Other Name: 하나로; Korea Multi-Purpose Research Reactor (KMRR)
Location: Deokjin-dong, Yusong-gu, Daecheon, South Korea
Subordinate To: Center for Applications of Radioisotopes and Radiation, Korea Atomic Energy Research Institute, Ministry of Science and Technology
Size: 30 MW(th)
Facility Status: Operational

In the early 1980s, the Korea Atomic Energy Research Institute (KAERI) conducted a feasibility study on the development of a multi-purpose research reactor to support South Korea's nuclear energy development program.

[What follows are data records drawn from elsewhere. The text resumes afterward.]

Lemma rat_mx_ball_approx k l (M : 'M[R]_(k, l)) (e : R) : 0 < e ->
  exists Q : 'M[rat]_(k, l) * nat,
    ball (map_mx (@ratr R) Q.1) (Q.2.+1%:R^-1 : R) M /\
    ball (map_mx (@ratr R) Q.1) (Q.2.+1%:R^-1 : R) `<=` ball M e.
Proof.
move=> e0; set N := Num.truncn (2 / e).
have r0 : 0 < N.+1%:R^-1 :> R by rewrite invr_gt0.
have hQ i j :
    exists q : rat, ratr q \in `](M i j - N.+1%:R^-1), (M i j + N.+1%:R^-1)[.
  by apply: rat_in_itvoo; rewrite ltrBlDr -addrA ltrDl addr_gt0.
pose Q := \matrix_(i, j) projT1 (cid (hQ i j)).
have QM : ball (map_mx (@ratr R) Q) (N.+1%:R^-1 : R) M.
  split => // i j; rewrite /ball /= !mxE.
  by rewrite distrC ltr_distlC; move: (projT2 (cid (hQ i j))); rewrite in_itv.
exists (Q, N) => /=; split => // M' QM'.
apply: le_ball (ball_triangle (ball_sym QM) QM').
have := truncnS_gt (2 / e); rewrite -/N ltr_pdivrMr // => lt2.
by rewrite -mulr2n -[_ *+ 2]mulr_natl ler_pdivrMr // mulrC ltW.
Qed.

End mx_continuity.

Section projective_action.
Variables (R : realType) (n : nat).
Local Notation nzvec := (set_type [set v : 'cV[R]_n.+1 | v != 0]).
Local Notation P := (projsp R n).

Lemma phat_eqP (u w : nzvec) :
  reflect (exists2 c : R, c != 0 & val w = c *: val u) (phat u == phat w).
Proof.
apply: (iffP eqP) => [/eqmodP/asboolP[c [c0 e]] | [c c0 e]]; first by exists c.
by apply/eqmodP/asboolP; exists c.
Qed.

Lemma scale_nzvec (u : nzvec) (c : R) : c != 0 ->
  exists2 w : nzvec, val w = c *: val u & phat w = phat u.
Proof.
move=> c0; have cu : c *: val u \in [set v : 'cV[R]_n.+1 | v != 0].
  by rewrite inE /= scaler_eq0 negb_or c0; have := valP u; rewrite inE.
exists (exist (fun v => v \in [set v : 'cV[R]_n.+1 | v != 0]) _ cu) => //.
apply/eqP/phat_eqP; exists c^-1; rewrite ?invr_eq0 //=.
by rewrite scalerA mulVf // scale1r.
Qed.

Lemma nzactE (M : 'M[R]_n.+1) (v : nzvec) :
  M \in unitmx -> val (nzact M v) = M *m val v.
Proof.
move=> Mu; rewrite /nzact insubdK // inE /=.
apply: contraTneq (valP v) => /(congr1 (mulmx (invmx M))).
by rewrite mulKmx // mulmx0 notin_setE /= => ->; rewrite eqxx.
Qed.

The goals of the study were to assess the possibility of developing a research reactor that could be used for fuel and material tests, to support the manufacturing of fuel and reactor components for pressurized light water reactors (PWR) and CANDU power plants, as well as the production of radioisotopes, neutron activation analysis of nuclear materials, neutron radiography for the examination of spent fuel assemblies, and non-destructive examinations of both nuclear and non-nuclear materials. [1] In 1985, the South Korean government approved a plan to develop a research reactor, and in 1987 the project was licensed by the Atomic Energy Commission. Construction began in March 1989, and the reactor was named the Korea Multi-Purpose Research Reactor (KMRR). [2] In 1994, the reactor's name was changed to High Flux Advanced Neutron Application Reactor (HANARO). HANARO reached initial criticality in February 1995 and began normal operations in January 1996.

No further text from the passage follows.